Methods: From August 2002 through April 2004, we enrolled 53,454 persons at high risk for lung cancer at 33 U.S. medical centers. Participants were randomly assigned to undergo three annual screenings with either low-dose CT (26,722 participants) or single-view posteroanterior chest radiography (26,732). Data were collected on cases of lung cancer and deaths from lung cancer that occurred through December 31, 2009. This dataset includes the low-dose CT scans from 26,254 of these subjects, as well as digitized histopathology images from 451 subjects.
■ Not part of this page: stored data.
Lemma cubic_roots_Crat_indep (x y u v w : algC) :
  cubic a b c x = 0 -> cubic a b c y = 0 -> x != y ->
  u \in Crat -> v \in Crat -> w \in Crat ->
  u + v * x + w * y = 0 -> [/\ u = 0, v = 0 & w = 0].
Proof.
move=> px py xy uQ vQ wQ rel; have xQ := cubic_root_notCrat px.
have [w0 | wnz] := eqVneq w 0.
  by move: rel; rewrite w0 mul0r addr0 => /(Crat_affine_eq0 xQ uQ vQ) [].
pose A := - u / w; pose B := - v / w.
have AQ : A \in Crat by rewrite rpred_div ?rpredN.
have BQ : B \in Crat by rewrite rpred_div ?rpredN.
have yE : y = A + B * x.
  have wy : w * y = - (u + v * x) by rewrite -[LHS](addKr (u + v * x)) rel addr0.
  by apply: (mulfI wnz); rewrite wy /A /B; field.
clearbody A B.
(* [(cubic x - cubic y) / (x - y)] vanishes; substituting [y = A + B x]
   leaves a rational quadratic relation for [x] with leading coefficient
   [B^2 + B + 1]. *)
have quot : (A ^+ 2 + a * A + b) + (A + 2 * A * B + a + a * B) * x
            + (B ^+ 2 + B + 1) * x ^+ 2 = 0.
  have xy0 : x - y != 0 by rewrite subr_eq0.
  apply: (mulfI xy0); rewrite mulr0 -[RHS](subrr 0) -{1}px -py /cubic.
  by rewrite yE; ring.
have [||| _ _ /eqP] := cubic_root_Crat_indep px _ _ _ quot.
- by rewrite !(rpredD, rpredM, rpredX).
- by rewrite !(rpredD, rpredM, rpred_nat).
- by rewrite !(rpredD, rpredX, rpred1).
by rewrite (negbTE (Crat_sqr_add_add1_neq0 BQ)).
Qed.

Lemma cubic_root_simple (r s t : algC) : cubic a b c r = 0 ->
  r + s + t = - a -> r * s + r * t + s * t = b -> r != s.
Proof.
move=> pr e1 e2; apply/eqP => rs; subst s.
have tE : t = - a - 2 * r by rewrite -e1; ring.
have rel : - b + (- 2 * a) * r + (- 3) * r ^+ 2 = 0 by rewrite -e2 tE; ring.
have [||| _ _ /eqP] := cubic_root_Crat_indep pr _ _ _ rel.
- by rewrite rpredN.
- by rewrite rpredM ?rpredN ?rpred_nat.
- by rewrite rpredN rpred_nat.
by rewrite oppr_eq0 pnatr_eq0.
Qed.

Lemma cubic_root_opp (r : algC) : cubic a b c r = 0 -> cubic a b c (- r) != 0.
Proof.
move=> pr; apply/eqP => pNr.
have rel : 2 * c + 0 * r + 2 * a * r ^+ 2 = 0.
  transitivity (cubic a b c r + cubic a b c (- r)); first by rewrite /cubic; ring.
  by rewrite pr pNr addr0.
have [||| /eqP c0 _ _] := cubic_root_Crat_indep pr _ _ _ rel.
- by rewrite rpredM ?rpred_nat.
- exact: rpred0.
- by rewrite !rpredM ?rpred_nat.
have /eqP[] := no_Crat_root (rpred0 _).
move: c0; rewrite mulf_eq0 pnatr_eq0 /= => /eqP c0.
by rewrite /cubic c0; ring.
Qed.

Lemma cubic_root_neq0 (r : algC) : cubic a b c r = 0 -> r != 0.
Proof. by move/cubic_root_notCrat; apply: contraNneq => ->; apply: rpred0. Qed.

Lemma sgr_cubic_root_neq1 (r : algC) : cubic a b c r = 0 -> Num.sg r * r != 1.
Proof.
move=> pr; apply/eqP => r1E.
have [|] : r = 1 \/ r = -1.
  by apply: sgr_mul_eq; rewrite ?(cubic_root_neq0 pr) ?oner_neq0 // sgr1 mulr1.
all: by move=> rE; have := cubic_root_notCrat pr; rewrite rE ?rpredN rpred1.
Qed.

Lemma sgr_cubic_roots_neq (r s : algC) : cubic a b c r = 0 -> cubic a b c s = 0 ->
  r != s -> Num.sg r * r != Num.sg s * s.
Proof.
move=> pr ps rs; apply/eqP => e.
have [rsE|rE] : r = s \/ r = - s.
  by apply: sgr_mul_eq; rewrite ?(cubic_root_neq0 pr) ?(cubic_root_neq0 ps).
- by rewrite rsE eqxx in rs.
- by have /eqP[] := cubic_root_opp ps; rewrite -rE.
Qed.

Variables r1 r2 r3 : algC.
Hypotheses (Va : a = - (r1 + r2 + r3)) (Vb : b = r1 * r2 + r1 * r3 + r2 * r3)
  (Vc : c = - (r1 * r2 * r3)).

Lemma cubic_Vieta_factor t : cubic a b c t = (t - r1) * (t - r2) * (t - r3).
Proof. by rewrite /cubic Va Vb Vc; ring. Qed.

Lemma cubic_Vieta_roots :
  [/\ cubic a b c r1 = 0, cubic a b c r2 = 0 & cubic a b c r3 = 0].
Proof. by rewrite !cubic_Vieta_factor !subrr !(mul0r, mulr0). Qed.

Lemma cubic_Vieta_neq : [/\ r1 != r2, r1 != r3 & r2 != r3].
Proof.
have [p1 p2 _] := cubic_Vieta_roots.
split; [apply: (cubic_root_simple (t := r3)) | apply: (cubic_root_simple (t := r2))
       | apply: (cubic_root_simple (t := r1))]; rewrite // ?Va ?Vb; ring.
Qed.

Lemma uniq_sgr_cubic_roots :
  uniq [:: 1; Num.sg r1 * r1; Num.sg r2 * r2; Num.sg r3 * r3].
Proof.
have [p1 p2 p3] := cubic_Vieta_roots; have [n12 n13 n23] := cubic_Vieta_neq.
rewrite /= !inE !negb_or ![1 == _]eq_sym !sgr_cubic_root_neq1 //.
by rewrite !sgr_cubic_roots_neq.
Qed.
Results: The rate of adherence to screening was more than 90%. The rate of positive screening tests was 24.2% with low-dose CT and 6.9% with radiography over all three rounds. A total of 96.4% of the positive screening results in the low-dose CT group and 94.5% in the radiography group were false positive results. The incidence of lung cancer was 645 cases per 100,000 person-years (1060 cancers) in the low-dose CT group, as compared with 572 cases per 100,000 person-years (941 cancers) in the radiography group (rate ratio, 1.13; 95% confidence interval [CI], 1.03 to 1.23). There were 247 deaths from lung cancer per 100,000 person-years in the low-dose CT group and 309 deaths per 100,000 person-years in the radiography group, representing a relative reduction in mortality from lung cancer with low-dose CT screening of 20.0% (95% CI, 6.8 to 26.7; P=0.004). The rate of death from any cause was reduced in the low-dose CT group, as compared with the radiography group, by 6.7% (95% CI, 1.2 to 13.6; P=0.02).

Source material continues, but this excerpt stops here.